Idiopathic epilepsy must be distinguished from symptomatic epilepsy. Focal seizures or focal
postictal symptoms imply a focal structural lesion in the brain; generalized seizures are more
likely to have a metabolic cause. In newborns, the type of seizure does not help distinguish
between structural and metabolic causes.

An eyewitness account of a typical seizure, the frequency of seizures, and the longest and
shortest intervals between them should be recorded. A history of prior head trauma, infection, or
toxic episodes must be sought and evaluated. A family history of seizures or neurologic disorders
is significant.

Fever and stiff neck accompanying new-onset seizures suggest meningitis, subarachnoid
hemorrhage, or encephalitis.
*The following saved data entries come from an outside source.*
Notation RPt := (RP P t n).
Notation Rcover := (rcover (@Rcarrier d P t n) (@Rle d P t n)).
Notation hcover := (rcover (@predT (hat P)) (@hle d P)).

Definition Rbot : RPt := Some (z0, Tempty t n).
Definition Pchains := mchains (@predT (hat P)) (@hle d P) (HElt z0) HTop m.+1.
Definition PTchains := mchains (@Rcarrier d P t n) (@Rle d P t n) Rbot None m.+1.

Definition hnth (pc : seq (hat P)) j := nth (HElt z0) (HElt z0 :: pc) j.
Definition pnth (pc : seq (hat P)) j : P := if hnth pc j is HElt p then p else z0.

Lemma PchainsP (pc : (m.+1).-tuple (hat P)) : pc \in Pchains ->
  (forall i, i <= m -> hcover (hnth pc i) (hnth pc i.+1)) /\ hnth pc m.+1 = HTop.
Proof.
rewrite inE => /andP[/andP[_ /(pathP (HElt z0)) pth] /eqP lst].
split; first by move=> i im; apply: pth; rewrite size_tuple ltnS.
by rewrite /hnth -lst (last_nth (HElt z0)) size_tuple.
Qed.

Lemma Pchains_struct pc : pc \in Pchains ->
  [/\ forall j, j <= m -> hnth pc j = HElt (pnth pc j),
      forall j, j < m -> pcover (pnth pc j) (pnth pc j.+1),
      maximal (pnth pc m) & hnth pc m.+1 = HTop].
Proof.
move=> /PchainsP [cv lst].
have hE j : j <= m -> hnth pc j = HElt (pnth pc j).
  case: j => [|j] jm //; have := cv j (ltnW jm); have := cv j.+1 jm.
  by rewrite /pnth; case: (hnth pc j.+1) => [|p|] //; rewrite ?hcover_to_bot ?hcover_from_top.
split=> //.
- by move=> j jm; have := cv j (ltnW jm); rewrite (hE j (ltnW jm)) (hE j.+1 jm) hcover_elt.
- by have := cv m (leqnn m); rewrite (hE m (leqnn m)) lst hcover_top.
Qed.

Lemma Pchains_of (pc : (m.+1).-tuple (hat P)) :
  (forall j, j <= m -> hnth pc j = HElt (pnth pc j)) ->
  (forall j, j < m -> pcover (pnth pc j) (pnth pc j.+1)) ->
  maximal (pnth pc m) -> hnth pc m.+1 = HTop -> pc \in Pchains.
Proof.
move=> hE cv mx lst; rewrite inE /=; apply/andP; split.
  apply/(pathP (HElt z0)) => i; rewrite size_tuple ltnS => im.
  rewrite -/(hnth pc i) -[nth _ pc i]/(hnth pc i.+1).
  case: (ltngtP i m) im => // [lt|eq] _.
    by rewrite (hE i (ltnW lt)) (hE i.+1 lt) hcover_elt cv.
  by subst i; rewrite (hE m (leqnn m)) lst hcover_top.
by rewrite (last_nth (HElt z0)) size_tuple -/(hnth pc m.+1) lst.
Qed.

Lemma rank_pnth pc : pc \in Pchains -> forall j, j <= m -> rank (pnth pc j) = j.
Proof.
move=> /Pchains_struct [_ cv _ _]; elim=> [|j IH] jm; first exact: rank_least.
by rewrite (rank_cover z0_least P_semipure (cv j jm)) IH // ltnW.
Qed.

(* The existence of a chain of length m+1 forces m <= n, so every word of
   length at most m is an element of T_{t,n}. *)
Lemma Pchains_le_n pc : pc \in Pchains -> m <= n.
Proof.
move=> pin; rewrite -plength_n -(rank_pnth pin (leqnn m)).
exact: rank_le_plength.
Qed.

Definition rnth (ch : seq RPt) j := nth Rbot (Rbot :: ch) j.
Definition rfst (u : RPt) : P := if u is Some (p, _) then p else z0.
Definition rsnd (u : RPt) : seq 'I_t := if u is Some (_, q) then tw q else [::].

Lemma PTchainsP (ch : (m.+1).-tuple RPt) : ch \in PTchains ->
  (forall i, i <= m -> Rcover (rnth ch i) (rnth ch i.+1)) /\ rnth ch m.+1 = None.
Proof.
rewrite inE => /andP[/andP[_ /(pathP Rbot) pth] /eqP lst].
split; first by move=> i im; apply: pth; rewrite size_tuple ltnS.
by rewrite /rnth -lst (last_nth Rbot) size_tuple.
Qed.

Lemma PTchains_of (ch : (m.+1).-tuple RPt) :
  (forall i, i <= m -> Rcover (rnth ch i) (rnth ch i.+1)) -> rnth ch m.+1 = None ->
  ch \in PTchains.
Proof.
move=> cv lst; rewrite inE -andbA; apply/and3P; split.
- by rewrite unfold_in /= leEnat.
- by apply/(pathP Rbot) => i; rewrite size_tuple ltnS => im; apply: cv.
- by rewrite (last_nth Rbot) size_tuple -/(rnth ch m.+1) lst.
Qed.

Lemma PTchains_struct ch : ch \in PTchains ->
  [/\ forall j, j <= m -> rnth ch j = Some (rfst (rnth ch j), tword n (rsnd (rnth ch j))),
      forall j, j < m -> [&& pcover (rfst (rnth ch j)) (rfst (rnth ch j.+1)),
                          prefix (rsnd (rnth ch j)) (rsnd (rnth ch j.+1)) &
                          size (rsnd (rnth ch j.+1)) <= (size (rsnd (rnth ch j))).+1],
      maximal (rfst (rnth ch m)) & rnth ch m.+1 = None].
Proof.
move=> /PTchainsP [cv lst].
have sE j : j <= m -> exists p q, rnth ch j = Some (p, q).
  case: j => [|j] jm; first by exists z0, (Tempty t n).
  have := cv j.+1 jm; case: (rnth ch j.+1) => [[p q]|]; first by exists p, q.
  by rewrite RcoverN.
split=> //.
- by move=> j jm; have [p [q ->]] := sE j jm; rewrite /= tword_tw.
- move=> j jm; have := cv j (ltnW jm).
  have [p [q ->]] := sE j (ltnW jm); have [p' [q' ->]] := sE j.+1 jm.
  by rewrite (RcoverSS z0_least P_semipure) => /and5P[_ _ -> -> ->].
- have := cv m (leqnn m); have [p [q E]] := sE m (leqnn m).
  by rewrite E lst (RcoverSN z0_least P_semipure) => /andP[].
Qed.

Definition step_letter (h : {ffun 'I_m -> option 'I_t}) j : option 'I_t :=
  oapp h None (insub j : option 'I_m).
Definition letter (o : option 'I_t) : seq 'I_t := if o is Some a then [:: a] else [::].
Definition word_upto h j : seq 'I_t := pmap id (mkseq (step_letter h) j).

Lemma step_letterE h (i : 'I_m) : step_letter h i = h i.
Proof.
by rewrite /step_letter (insubT (fun j => j < m) (ltn_ord i)) /=; congr (h _); apply: val_inj.
Qed.

Lemma word_uptoS h j : word_upto h j.+1 = word_upto h j ++ letter (step_letter h j).
Proof. by rewrite /word_upto mkseqS -cats1 pmap_cat; case: step_letter. Qed.

Lemma size_word_upto h j : size (word_upto h j) <= j.
Proof.
elim: j => [|j IH] //; rewrite word_uptoS size_cat.
by case: step_letter => /=; lia.
Qed.

Definition lift_elt (x : hat P) (q : seq 'I_t) : RPt :=
  if x is HElt p then Some (p, tword n q) else None.
Definition lifted pc h j := lift_elt (hnth pc j) (word_upto h j).

Lemma lift_chain_size pc h : size (mkseq (fun j => lifted pc h j.+1) m.+1) == m.+1.
Proof. by rewrite size_mkseq. Qed.
Definition lift_chain pc h : (m.+1).-tuple RPt := Tuple (lift_chain_size pc h).

Lemma rnth_lift pc h j : j <= m.+1 -> rnth (lift_chain pc h) j = lifted pc h j.
Proof.
by case: j => [|j] jm; rewrite /rnth /lifted //= ?nth_mkseq // /Rbot tword_nil.
Qed.

Lemma lifted_elt pc h j : pc \in Pchains -> j <= m ->
  lifted pc h j = Some (pnth pc j, tword n (word_upto h j)).
Proof. by move=> pin jm; case: (Pchains_struct pin) => hE _ _ _; rewrite /lifted (hE j jm). Qed.

Lemma lifted_top pc h : pc \in Pchains -> lifted pc h m.+1 = None.
Proof. by move=> pin; case: (Pchains_struct pin) => _ _ _ lst; rewrite /lifted lst. Qed.

Lemma tw_word_upto pc h j : pc \in Pchains -> j <= m ->
  tw (tword n (word_upto h j)) = word_upto h j.
Proof.
move=> pin jm; rewrite tw_tword //.
exact: leq_trans (size_word_upto h j) (leq_trans jm (Pchains_le_n pin)).
Qed.

Lemma lift_chain_in pc h : pc \in Pchains -> lift_chain pc h \in PTchains.
Proof.
move=> pin; apply: PTchains_of; last by rewrite rnth_lift // lifted_top.
move=> i im; rewrite (rnth_lift pc h (leqW im)) (rnth_lift pc h (im : i.+1 <= m.+1)).
rewrite (lifted_elt h pin im); case: (Pchains_struct pin) => _ cv mx _.
case: (ltngtP i m) im => // [lt|eq] _; last first.
  subst i; rewrite lifted_top // (RcoverSN z0_least P_semipure) (tw_word_upto h pin) // mx andbT.
  by rewrite (rank_pnth pin) // size_word_upto.
rewrite (lifted_elt h pin lt) (RcoverSS z0_least P_semipure).
rewrite !(tw_word_upto h pin) ?(ltnW lt) // !(rank_pnth pin) ?(ltnW lt) // cv //.
rewrite word_uptoS prefix_prefix size_cat.
have := size_word_upto h i; have := size_word_upto h i.+1; rewrite word_uptoS size_cat.
by case: step_letter => /=; lia.
Qed.

Definition proj (u : RPt) : hat P := if u is Some (p, _) then HElt p else HTop.
Definition proj_chain (ch : (m.+1).-tuple RPt) : (m.+1).-tuple (hat P) :=
  [tuple of map proj ch].
Definition steps (ch : (m.+1).-tuple RPt) : {ffun 'I_m -> option 'I_t} :=
  [ffun j : 'I_m => nth None (map Some (rsnd (rnth ch j.+1))) (size (rsnd (rnth ch j)))].

Lemma hnth_proj ch j : j <= m.+1 -> hnth (proj_chain ch) j = proj (rnth ch j).
Proof. by case: j => [|j] jm //; rewrite /hnth /rnth /= (nth_map Rbot) // size_tuple. Qed.

Lemma proj_lift pc h : pc \in Pchains -> proj_chain (lift_chain pc h) = pc.
Proof.
move=> pin; apply: val_inj; apply: (@eq_from_nth _ (HElt z0)); first by rewrite !size_tuple.
move=> i; rewrite size_tuple ltnS => im.
rewrite -[nth _ (proj_chain _) i]/(hnth (proj_chain (lift_chain pc h)) i.+1).
rewrite hnth_proj // rnth_lift // -[nth _ pc i]/(hnth pc i.+1).
case: (Pchains_struct pin) => hE _ _ lst.
case: (ltngtP i m) im => // [lt|eq] _; first by rewrite (lifted_elt h pin lt) (hE _ lt).
by subst i; rewrite lifted_top.
Qed.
Lumbar puncture is indicated. Focal cerebral symptoms and signs
accompanying seizures suggest brain tumor, cerebrovascular disease, or residual traumatic
abnormalities. In an adult, even generalized seizures should stimulate a search for an
unsuspected focal lesion.

Appropriate studies include EEG and serum glucose, sodium, magnesium, and calcium. When
the EEG or serum is focally abnormal or when seizures begin in adulthood, MRI is indicated. A
lumbar puncture should be performed if infection is suspected.
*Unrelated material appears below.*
(* Let $\mathbb{A}$ be a 2-category having the two-dimensional kernel diagram of a 1-cell $l:b\to e$. Then: (1) provided that the right lifting $\mathrm{Rift}_ll$ of $l$ through $l$ exists and is respected by $\delta_0:b\downarrow^l b\to b$, $l$ is a Kleisli morphism if and only if $l$ is an effective op-faithful morphism; (2) provided that the left lifting $\mathrm{Lift}_ll$ of $l$ through $l$ exists and is respected by $\delta_1:b\downarrow^lb\to b$, $l$ is a co-Kleisli morphism if and only if $l$ is an effective op-faithful morphism.
   Context: A 2-category is a $\mathbf{Cat}$-enriched category; composition of 1-cells is juxtaposition, vertical composition of 2-cells is $\cdot$, horizontal composition is $\ast$, $\mathrm{id}_f$ is the identity 2-cell on $f$. $\mathbb{A}^{\mathrm{op}}$, $\mathbb{A}^{\mathrm{co}}$, $\mathbb{A}^{\mathrm{coop}}$ are obtained by reversing 1-cells, 2-cells, or both. A 1-cell is an equivalence if it has a pseudo-inverse up to invertible 2-cells. For a 1-cell $p:e\to b$ of a 2-category $\mathbb{B}$: an opcomma object of $p$ along itself is $b\uparrow_pb$ with $\delta^0,\delta^1:b\to b\uparrow_pb$, $\alpha:\delta^1p\Rightarrow\delta^0p$ such that for every $y$, $h\mapsto(h\delta^0,h\delta^1,\mathrm{id}_h\ast\alpha)$ is an isomorphism from $\mathbb{B}(b\uparrow_pb,y)$ onto the category of triples $(h_0,h_1:b\to y,\beta:h_1p\Rightarrow h_0p)$ with morphisms pairs $(\xi_0,\xi_1)$ with $(\xi_0\ast\mathrm{id}_p)\cdot\beta=\beta'\cdot(\xi_1\ast\mathrm{id}_p)$. A two-dimensional pushout of a span $f_0,f_1$ is $P$ with $q_0,q_1$, $q_0f_0=q_1f_1$, such that $k\mapsto(kq_0,kq_1)$ is an isomorphism from $\mathbb{B}(P,y)$ onto pairs $(k_0,k_1)$ with $k_0f_0=k_1f_1$ (morphisms pairs of 2-cells $(\xi_0,\xi_1)$ with $\xi_0\ast\mathrm{id}_{f_0}=\xi_1\ast\mathrm{id}_{f_1}$). $\mathbb{B}$ has the two-dimensional cokernel diagram of $p$ if it has $b\uparrow_pb$ and a two-dimensional pushout $b\uparrow_pb\uparrow_pb$ of $(\delta^0,\delta^1)$ with $D^0,D^2$, $D^2\delta^0=D^0\delta^1$; $D^1$ is the unique 1-cell with $D^1\delta^1=D^2\delta^1$, $D^1\delta^0=D^0\delta^0$, $\mathrm{id}_{D^1}\ast\alpha=(\mathrm{id}_{D^0}\ast\alpha)\cdot(\mathrm{id}_{D^2}\ast\alpha)$; $s^0$ is unique with $s^0\delta^0=s^0\delta^1=\mathrm{id}_b$, $\mathrm{id}_{s^0}\ast\alpha=\mathrm{id}_p$. $\mathrm{Desc}_p(y)$: pairs $(h:y\to b,\beta:\delta^1h\Rightarrow\delta^0h)$ with $(\mathrm{id}_{D^0}\ast\beta)\cdot(\mathrm{id}_{D^2}\ast\beta)=\mathrm{id}_{D^1}\ast\beta$, $\mathrm{id}_{s^0}\ast\beta=\mathrm{id}_h$, morphisms $\xi:h_1\Rightarrow h_0$ with $\beta_0\cdot(\mathrm{id}_{\delta^1}\ast\xi)=(\mathrm{id}_{\delta^0}\ast\xi)\cdot\beta_1$; a lax descent object is $L$, $d:L\to b$, $\Psi:\delta^1d\Rightarrow\delta^0d$ with $g\mapsto(dg,\Psi\ast\mathrm{id}_g)$ an isomorphism $\mathbb{B}(y,L)\cong\mathrm{Desc}_p(y)$ for all $y$; $p^H$ is unique with $dp^H=p$, $\Psi\ast\mathrm{id}_{p^H}=\alpha$. $p$ is effective faithful in $\mathbb{B}$ if $\mathbb{B}$ has the two-dimensional cokernel diagram of $p$, a lax descent object of it, and $p^H$ is an equivalence. A right Kan extension of $f$ along $g$ is $(r,\gamma:rg\Rightarrow f)$ with $\beta\mapsto\gamma\cdot(\beta\ast\mathrm{id}_g)$ bijective from 2-cells $k\Rightarrow r$ to 2-cells $kg\Rightarrow f$; $\delta$ preserves it if $(\delta r,\mathrm{id}_\delta\ast\gamma)$ is a right Kan extension of $\delta f$ along $g$. The codensity monad of $p$ is $(b,t,m,\eta)$ from a right Kan extension $(t,\gamma)$ of $p$ along $p$, $m$ unique with $\gamma\cdot(m\ast\mathrm{id}_p)=\gamma\cdot(\mathrm{id}_t\ast\gamma)$, $\eta$ unique with $\gamma\cdot(\eta\ast\mathrm{id}_p)=\mathrm{id}_p$. An Eilenberg–Moore object is $b^{\mathsf{T}}$ with $u$, $\mu:tu\Rightarrow u$ such that $g\mapsto(ug,\mu\ast\mathrm{id}_g)$ is an isomorphism onto the category of pairs $(h,\beta:th\Rightarrow h)$ with $\beta\cdot(\mathrm{id}_t\ast\beta)=\beta\cdot(m\ast\mathrm{id}_h)$, $\beta\cdot(\eta\ast\mathrm{id}_h)=\mathrm{id}_h$. $p$ is monadic in $\mathbb{B}$ if it has a codensity monad with an Eilenberg–Moore object and the unique $p^{\mathsf{T}}$ with $up^{\mathsf{T}}=p$, $\mu\ast\mathrm{id}_{p^{\mathsf{T}}}=\gamma$ is an equivalence. Duals in $\mathbb{A}$: the two-dimensional kernel diagram of $l$ is its two-dimensional cokernel diagram in $\mathbb{A}^{\mathrm{op}}$; its opcomma object in $\mathbb{A}^{\mathrm{op}}$ is a comma object $b\downarrow^lb$ in $\mathbb{A}$, and $\delta_0,\delta_1:b\downarrow^lb\to b$ are the 1-cells of $\mathbb{A}$ corresponding to $\delta^0,\delta^1$ in $\mathbb{A}^{\mathrm{op}}$. The right lifting of $l$ through $l$ is the right Kan extension of $l$ along $l$ in $\mathbb{A}^{\mathrm{op}}$, respected by a 1-cell if preserved by it in $\mathbb{A}^{\mathrm{op}}$; the left lifting and its respect are the same notions in $\mathbb{A}^{\mathrm{coop}}$. $l$ is effective op-faithful if it is effective faithful in $\mathbb{A}^{\mathrm{op}}$; $l$ is a Kleisli morphism if it is monadic in $\mathbb{A}^{\mathrm{op}}$, and a co-Kleisli morphism if it is monadic in $\mathbb{A}^{\mathrm{coop}}$. *)

Set Implicit Arguments.
Unset Strict Implicit.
The EEG between seizures (interictal) in primarily generalized tonic-clonic seizures is
characterized by symmetric bursts of sharp and slow, 4- to 7-Hz activity. Focal epileptiform
discharges occur in secondarily generalized seizures. In absence seizures, spikes and slow
waves appear at a rate of 3/sec. Interictal temporal lobe foci (spikes or slow waves) occur with
complex partial seizures of temporal lobe origin. Because an EEG taken during a seizure-free
interval is normal in 30% of patients, one normal EEG does not exclude epilepsy. A second EEG
performed during sleep in sleep-deprived patients shows epileptiform abnormalities in half of
patients whose first EEG was normal. Rarely, repeated EEGs are normal, and epilepsy may have
to be diagnosed on clinical grounds.


Drug therapy completely eliminates seizures in 1/3 of patients and greatly reduces the frequency
of seizures in another 1/3. About 2/3 of patients with well-controlled seizures can eventually
discontinue drugs without relapse.
Most patients with epilepsy become neurologically normal between seizures, although overuse of
anticonvulsants can dull alertness. Progressive mental deterioration is usually related to the
neurologic disease that caused the seizures. Left temporal lobe epilepsy is associated with verbal
memory abnormalities; right temporal lobe epilepsy sometimes causes visual spatial memory
abnormalities. The outlook is best when no brain lesion is demonstrable.


General principles: Treatment aims primarily to control seizures. A causative disorder may need
to be treated as well.

A normal life should be encouraged. Exercise is recommended; even such sports as swimming
and horseback riding can be permitted with proper safeguards. Most state licensing agencies
permit automobile driving after seizures have stopped for 1 yr. Social activities should be
encouraged. Alcohol intake should be minimized. Cocaine and several other illicit drugs can
trigger seizures.

Family members must be taught a commonsense attitude toward the patient. Overprotection
should be replaced with sympathetic support that lessens feelings of inferiority and self-
consciousness and other emotional handicaps; prevention of invalidism should be emphasized.
Institutional care is rarely advisable and should be reserved for severely retarded patients and for
patients with seizures so frequent and violent despite drug therapy that they cannot be cared for

During a seizure, injury should be prevented. Protecting the tongue should not be attempted
because teeth may be damaged. Inserting a finger to straighten the tongue is dangerous and
unnecessary. Clothing around the neck should be loosened, and a pillow placed under the head.
The patient should be rolled onto his side to prevent aspiration. A responsible fellow worker may
be trained to give emergency aid if the patient agrees.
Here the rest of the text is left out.